Your problem is that .* is greedy, meaning that it will grab from the first instance of Date to the last instance of </ext:ser..... Replace the .* with .*? and it will alter the behaviour to what you're after.
#(?<=Date">).*?(?=</ext:serviceItemAttribute>)#i
You should have .*? in a capture group: (.*?).
#(?<=Date">)(.*?)(?=</ext:serviceItemAttribute>)#i
You could also do it - more simply - like:
#Date">(.*?)</ext#i
Update
As has been pointed out in the comment below this (above) solution relies on the use of non-greedy matching.
To get around this you could use the following: ([^<]*) instead of (.*?)
NOTE: This does not impact the alternatives below.
Alternatives
/(\d{4}-\d{2}-\d{2})/
/(\d{4}-\d{2}-\d{2} \d{2}:\d{2})/
The above patterns will match dates in the format YYYY-XX-XX and YYYY-XX-XX HH:MM respectively

Matching anything else but a date

I'm using the REGEX below to effectively check if a string is a YYYY-MM-DD date.
[0-9]{4}-[0-9]{2}-[0-9]{2}
How do I do the reverse and use a similar REGEX to check a string is NOT a date in this format.
You could use a negative look-ahead to solve this:
(?![0-9]{4}-[0-9]{2}-[0-9]{2})
Edit: After watching the post by Lucasus I've made a new regex to have a more strict validation.
Year can be any combination of 4 digits, which e.g. allows dates pre 1900
The month is in the range of 1-12
Days in the range of 1-31,
Validates in the format YYYY-MM-DD
New Regex:
(?!([0-9]{4})-([1-9]|0[1-9]|1[012])-([1-9]|0[1-9]|[12][0-9]|3[01]))
Your regex matches more than only a valid date (for example "3333-99-99"), You can use a longer expression:
^(19[0-9][0-9]|20[0-9][0-9])-([1-9]|0[1-9]|1[012])-([1-9]|0[1-9]|[12][0-9]|3[01])$
If you want match everything but the date, use negative look-ahead, as Marcus wrote:
^(?!((19[0-9][0-9]|20[0-9][0-9])-([1-9]|0[1-9]|1[012])-([1-9]|0[1-9]|[12][0-9]|3[01])))$
The regex is from this link
import datetime
try:
datetime.datetime.strptime('2011-10-27','%Y-%m-%d')
except ValueError:
print 'The string is NOT in the right format'
else:
print 'The string is in the right format'
Indeed this isn't regex, but it might perform better - may be worth benchmarking...

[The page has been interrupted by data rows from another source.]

(* For every integer $m\ge0$, the space of $L_1$-invariants in $S^m(Q^\times/Q)$ is $\mathbb{C}q_1^m$; that is, $H^0(L_1;S^*(Q^\times/Q))=\mathbb{C}[q_1]$ is the polynomial algebra in $q_1$.
   Context: $Q^\times$ is the Fréchet space of holomorphic quadratic differentials $f(z)dz^2$ on $\mathbb{C}\setminus\{0\}$ and $Q\subset Q^\times$ the closed subspace of those with $f$ entire; the Lie algebra of holomorphic vector fields on $\mathbb{C}$ vanishing at $0$ acts on both by $(\xi\frac{d}{dz})\cdot(fdz^2)=(\xi f'+2\xi'f)dz^2$, hence on the quotient $Q^\times/Q$. $L_1$ is the closed subalgebra generated by $e_k=z^{k+1}\frac{d}{dz}$, $k\ge1$ (holomorphic vector fields on $\mathbb{C}$ vanishing to order at least $2$ at $0$). For $\nu\in\mathbb{Z}$, $q_\nu$ denotes the class of $z^{\nu-2}dz^2$ in $Q^\times/Q$, so $q_1$ is the class of $z^{-1}dz^2$. $S^m(Q^\times/Q)$ is the completed $m$-fold symmetric tensor power over $\mathbb{C}$ with the diagonal action, $S^*=\bigoplus_{m\ge0}S^m$ with the symmetric product, and $H^0(L_1;\cdot)$ denotes $L_1$-invariants. *)

From mathcomp Require Import all_boot all_order all_algebra.
From mathcomp Require Import fingroup perm reals complex.
Set Implicit Arguments. Unset Strict Implicit. Unset Printing Implicit Defensive.
Import Order.TTheory GRing.Theory Num.Theory.
Local Open Scope ring_scope.
Local Open Scope complex_scope.

(* Concrete coefficient model of S^m(Q^x/Q) over C := R[i], R : realType.
   A tensor q_{nu_1} (x) ... (x) q_{nu_m} is indexed by nu : 'I_m -> int;
   q_nu is the class of z^(nu-2) dz^2, which is 0 in Q^x/Q when nu >= 2.
   An element of the completed m-fold symmetric power is a (formal, convergent)
   sum  sum_nu c(nu) q_{nu_1}...q_{nu_m}  with c symmetric, supported on
   {nu | forall j, nu_j <= 1}, and such that the associated power series in
   w = 1/z is entire in m variables (absolute summability for every radius). *)

Definition idx (m : nat) := {ffun 'I_m -> int}.
Definition coef (R : realType) (m : nat) := idx m -> R[i].

(* nu_j <= 1 for all j : the monomial is a nonzero class in (Q^x/Q)^{(x)m} *)
Definition in_support (m : nat) (nu : idx m) : bool := [forall j, nu j <= 1].

Definition shift (m : nat) (nu : idx m) (i : 'I_m) (k : int) : idx m :=
  [ffun j => if j == i then nu j - k else nu j].

(* degree in w = 1/z of the monomial: q_nu <-> w^(2-nu) *)
Definition wdeg (m : nat) (nu : idx m) : nat := \sum_(j < m) `|2 - nu j|%N.

Definition Sm_elem (R : realType) (m : nat) (c : coef R m) : Prop :=
  [/\ (forall nu, ~~ in_support nu -> c nu = 0),
      (forall (s : 'S_m) (nu : idx m), c [ffun j => nu (s j)] = c nu) &
      (forall r : R, 0 < r -> exists M : R, forall s : seq (idx m), uniq s ->
          \sum_(nu <- s) `|c nu| * ((r ^+ wdeg nu)%:C) <= M%:C)].

(* Action of e_k = z^(k+1) d/dz (diagonal, Leibniz rule):
   e_k . q_nu = (nu + 2k) q_(nu+k), so the coefficient of e_k . x at mu
   (mu in the support) is  sum_i (mu_i + k) c(mu - k e_i). *)
Definition act_e (R : realType) (m : nat) (k : nat) (c : coef R m) : coef R m :=
  fun mu => if in_support mu then
              \sum_(i < m) ((mu i + k%:Z)%:~R) * c (shift mu i k%:Z)
            else 0.

(* L_1-invariance: annihilated by the topological generators e_k, k >= 1. *)
Definition L1_invariant (R : realType) (m : nat) (c : coef R m) : Prop :=
  forall k : nat, (0 < k)%N -> forall mu : idx m, act_e k c mu = 0.

Definition q1pow (R : realType) (m : nat) : coef R m :=
  fun nu => if [forall j, nu j == 1] then 1 else 0.

From mathcomp Require Import all_boot all_order all_algebra.
From mathcomp Require Import fingroup perm reals complex zify.
From Stdlib Require Import FunctionalExtensionality.
Set Implicit Arguments. Unset Strict Implicit. Unset Printing Implicit Defensive.
Import GRing.Theory Num.Theory.
Local Open Scope ring_scope.
Local Open Scope complex_scope.

(* Induction on the number of indices nu_i <> 1 of a coefficient c(nu).  If
   nu_i <= 0, let k = 1 - nu_i and let mu be nu with nu_i replaced by 1.  The
   coefficient of e_k . x at mu collects (1 + k) c(nu) from the index i and,
   by symmetry of c, from every index l with nu_l = 1; every other index l
   contributes a coefficient whose multi-index has one fewer entry <> 1, which
   vanishes by induction.  Invariance thus forces a positive multiple of c(nu)
   to vanish, so only the coefficient of q_1^m survives. *)

Definition defect (m : nat) (nu : idx m) : nat := #|[pred j | nu j != 1]|.

Definition set_coord (m : nat) (nu : idx m) (i : 'I_m) (x : int) : idx m :=
  [ffun j => if j == i then x else nu j].

Lemma defect_eq0 (m : nat) (nu : idx m) :
  (defect nu == 0)%N = [forall j, nu j == 1].
Proof.
apply/eqP/forallP => [/card0_eq nu1 j | nu1].
  by have := nu1 j; rewrite !inE => /negbFE.
by apply: eq_card0 => j; rewrite !inE nu1.
Qed.

Lemma in_support_set_coord (m : nat) (nu : idx m) (i : 'I_m) :
  in_support nu -> in_support (set_coord nu i 1).
Proof.
move/forallP=> nu_le1; apply/forallP => j; rewrite ffunE.
by case: ifP => // _; apply: nu_le1.
Qed.

Lemma in_support_shift (m : nat) (nu : idx m) (l : 'I_m) (k : int) :
  0 <= k -> in_support nu -> in_support (shift nu l k).
Proof.
move=> k_ge0 /forallP nu_le1; apply/forallP => j; rewrite ffunE.
by case: ifP => _; have := nu_le1 j; lia.
Qed.

Lemma shift_set_coord_id (m : nat) (nu : idx m) (i : 'I_m) :
  shift (set_coord nu i 1) i (1 - nu i) = nu.
Proof.
apply/ffunP => j; rewrite !ffunE.
by case: eqP => [->|//]; rewrite opprB addrC subrK.
Qed.

Lemma shift_set_coord_tperm (m : nat) (nu : idx m) (i l : 'I_m) :
  l != i -> nu l = 1 ->
  shift (set_coord nu i 1) l (1 - nu i) = [ffun j => nu (tperm i l j)].
Proof.
move=> li nul; apply/ffunP => j; rewrite !ffunE.
case: (tpermP i l j) => [->|->|ji jl]; rewrite ?eqxx.
- by rewrite eq_sym (negbTE li) nul.
- by rewrite (negbTE li) nul opprB addrC subrK.
- by move: ji jl => /eqP/negbTE -> /eqP/negbTE ->.
Qed.

Lemma defect_shift_set_coord (m : nat) (nu : idx m) (i l : 'I_m) (k : int) :
  l != i -> nu i != 1 -> nu l < 1 -> 0 <= k ->
  (defect (shift (set_coord nu i 1) l k)).+1 = defect nu.
Proof.
move=> li nui nul k_ge0; rewrite /defect [RHS](cardD1 i) inE nui add1n.
congr _.+1; apply: eq_card => j; rewrite !inE !ffunE.
case: (eqVneq j l) => [->|jl]; first by rewrite (negbTE li); lia.
by case: (eqVneq j i).
Qed.

Lemma q1pow_shift (R : realType) (m : nat) (mu : idx m) (l : 'I_m) (k : nat) :
  (0 < k)%N -> in_support mu -> @q1pow R m (shift mu l k%:Z) = 0.
Proof.
move=> k_gt0 /forallP mu_le1; rewrite /q1pow; case: forallP => // /(_ l).
by rewrite ffunE eqxx; have := mu_le1 l; lia.
Qed.

Lemma scaled_q1pow_L1_invariant (R : realType) (m : nat) (a : R[i]) :
  L1_invariant (fun nu => a * @q1pow R m nu).
Proof.
move=> k k_gt0 mu; rewrite /act_e; case: ifP => // mu_supp.
by apply: big1 => l _; rewrite q1pow_shift // !mulr0.
Qed.

Section InvariantCoefficients.

Variables (R : realType) (m : nat) (c : coef R m).
Hypothesis c_sym : forall (s : 'S_m) (nu : idx m), c [ffun j => nu (s j)] = c nu.
Hypothesis c_inv : L1_invariant c.

Lemma L1_invariant_coef_eq0 (nu : idx m) :
  in_support nu -> (0 < defect nu)%N -> c nu = 0.
Proof.
have [n] := ubnP (defect nu); elim: n nu => // n IH nu.
rewrite ltnS => dnu /forallP nu_le1 d_gt0.
case/card_gt0P: d_gt0 => i; rewrite inE => nui.
pose k := `|1 - nu i|%N.
have k_def : k%:Z = 1 - nu i by have := nu_le1 i; lia.
have k_gt0 : (0 < k)%N by lia.
pose mu := set_coord nu i 1.
have mu_supp : in_support mu by apply/in_support_set_coord/forallP.
have summand l : ((mu l + k%:Z)%:~R * c (shift mu l k%:Z) : R[i]) =
    if (l == i) || (nu l == 1) then (1 + k%:Z)%:~R * c nu else 0.
  rewrite k_def /mu !ffunE; case: (eqVneq l i) => [->|li] /=.
    by rewrite shift_set_coord_id.
  case: (eqVneq (nu l) 1) => [nul|nul].
    by rewrite shift_set_coord_tperm // c_sym nul.
  have nul_lt1 : nu l < 1 by have := nu_le1 l; lia.
  have k_ge0 : 0 <= 1 - nu i by rewrite -k_def.
  have dsh := defect_shift_set_coord li nui nul_lt1 k_ge0.
  rewrite IH ?mulr0 //.
  - by rewrite -ltnS dsh.
  - exact: in_support_shift k_ge0 mu_supp.
  - by apply/card_gt0P; exists l; rewrite inE !ffunE eqxx (negbTE li); lia.
have i_counted : (0 < #|[pred l | (l == i) || (nu l == 1)]|)%N.
  by apply/card_gt0P; exists i; rewrite inE eqxx.
have := c_inv k_gt0 mu; rewrite /act_e mu_supp.
rewrite (eq_bigr _ (fun l _ => summand l)) -big_mkcond sumr_const => /eqP.
rewrite mulrn_eq0 eqn0Ngt i_counted mulf_eq0 intr_eq0 /=.
by move/eqP.
Qed.

End InvariantCoefficients.

Theorem lemma4p8 (R : realType) (m : nat) (c : coef R m) :
  Sm_elem c ->
  (L1_invariant c <-> exists a : R[i], c = (fun nu => a * @q1pow R m nu)).
Proof.
case=> c_supp c_sym _; split => [c_inv | [a ->]]; last first.
  exact: scaled_q1pow_L1_invariant.
exists (c [ffun _ => 1]); apply: functional_extensionality => nu.
rewrite /q1pow; case: forallP => [all1 | not_all1].
  by rewrite mulr1; congr c; apply/ffunP => j; rewrite ffunE; apply/eqP.
rewrite mulr0; have [nu_supp|] := boolP (in_support nu); last exact: c_supp.
by apply: L1_invariant_coef_eq0; rewrite // lt0n defect_eq0; apply/forallP.
Qed.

First, your regex doesn't ensure that the string is a date, just that it contains one. If you wanted to make sure the string contains nothing but a date (according to your formulation), you would need to anchor it:
^[0-9]{4}-[0-9]{2}-[0-9]{2}$
...and the simplest way to ensure that the string that is not a date is to try to match it with that regex and negate the result. How you do that depends on the language; in C# you could do this:
if ( !Regex.IsMatch(s, "^[0-9]{4}-[0-9]{2}-[0-9]{2}$") )

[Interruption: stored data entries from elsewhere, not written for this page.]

(* Let $\mathbb S=\bigwedge(\bar\theta_1,\bar\theta_2)$ be the simple $\mathcal C$-module, on which $\bar\theta_a$ acts by (left exterior) multiplication and $\theta_a$ acts as the odd derivation with $\theta_a(\bar\theta_b)=\delta_{ab}$, $\theta_a(1)=0$. Restricted to $\tilde W\subset\mathcal C^\times$, $\mathbb S$ is an irreducible spin representation of $\tilde W$ isomorphic to $U(1,1)$.
   Context: Fix integers $m_1,m_2\ge2$ and set $\zeta_a=e^{i\pi/m_a}$. Let $x_1,\dots,x_4$ be the standard orthonormal basis of $\mathbb R^4$ (complexified to $V=\mathbb C^4$). Let $\mathcal C$ be the complex Clifford algebra generated by $e_1,\dots,e_4$ with $e_je_k+e_ke_j=2\delta_{jk}$, and $\gamma:V\to\mathcal C$ the linear map with $\gamma(x_j)=e_j$. Put $\theta_a=\frac12(e_{2a-1}+ie_{2a})$ and $\bar\theta_a=\frac12(e_{2a-1}-ie_{2a})$ for $a=1,2$. Let $\alpha_p=(\sin(p\pi/m_1),-\cos(p\pi/m_1),0,0)$ ($p=1,\dots,2m_1$), $\beta_q=(0,0,\sin(q\pi/m_2),-\cos(q\pi/m_2))$ ($q=1,\dots,2m_2$), and let $\tilde W\subset\mathcal C^\times$ be the group generated by all $\gamma(\alpha_p),\gamma(\beta_q)$ (the positive double cover of $W=D_{2m_1}\times D_{2m_2}$); it contains $z:=-1$. A representation of $\tilde W$ is spin if $z$ acts by $-1$. Set $\tilde f_1=\gamma(\alpha_{m_1})$, $\tilde f_2=\gamma(\beta_{m_2})$, $\tilde r_1=z\gamma(\alpha_{m_1})\gamma(\alpha_1)$, $\tilde r_2=z\gamma(\beta_{m_2})\gamma(\beta_1)$; these together with $z$ generate $\tilde W$. $U(1,1)$ denotes the four-dimensional spin representation of $\tilde W$ with basis $u_1,u_2,u_3,u_4$ on which, in matrix form with respect to this basis, $\tilde f_1=\begin{pmatrix}0&1&0&0\\1&0&0&0\\0&0&0&1\\0&0&1&0\end{pmatrix}$, $\tilde f_2=\begin{pmatrix}0&0&1&0\\0&0&0&-1\\1&0&0&0\\0&-1&0&0\end{pmatrix}$, $\tilde r_1=\mathrm{diag}(\zeta_1,\zeta_1^{-1},\zeta_1,\zeta_1^{-1})$, $\tilde r_2=\mathrm{diag}(\zeta_2,\zeta_2,\zeta_2^{-1},\zeta_2^{-1})$, and $z=-1$. *)

From HB Require Import structures.
From mathcomp Require Import all_boot all_order all_algebra all_field.
Set Implicit Arguments. Unset Strict Implicit. Unset Printing Implicit Defensive.
Import Order.TTheory GRing.Theory Num.Theory.
Local Open Scope ring_scope.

If you must do the check with the regex itself (for example, if you're using a simple regex-based validation control), you can use a negative lookahead, as other responders advised:
^(?![0-9]{4}-[0-9]{2}-[0-9]{2}$).*
Starting from the beginning of the string (because of the ^), the lookahead tries to match a date followed by the end of the string ($). If that fails, the match position is reset to the beginning, and the .* goes ahead and consumes the whole string.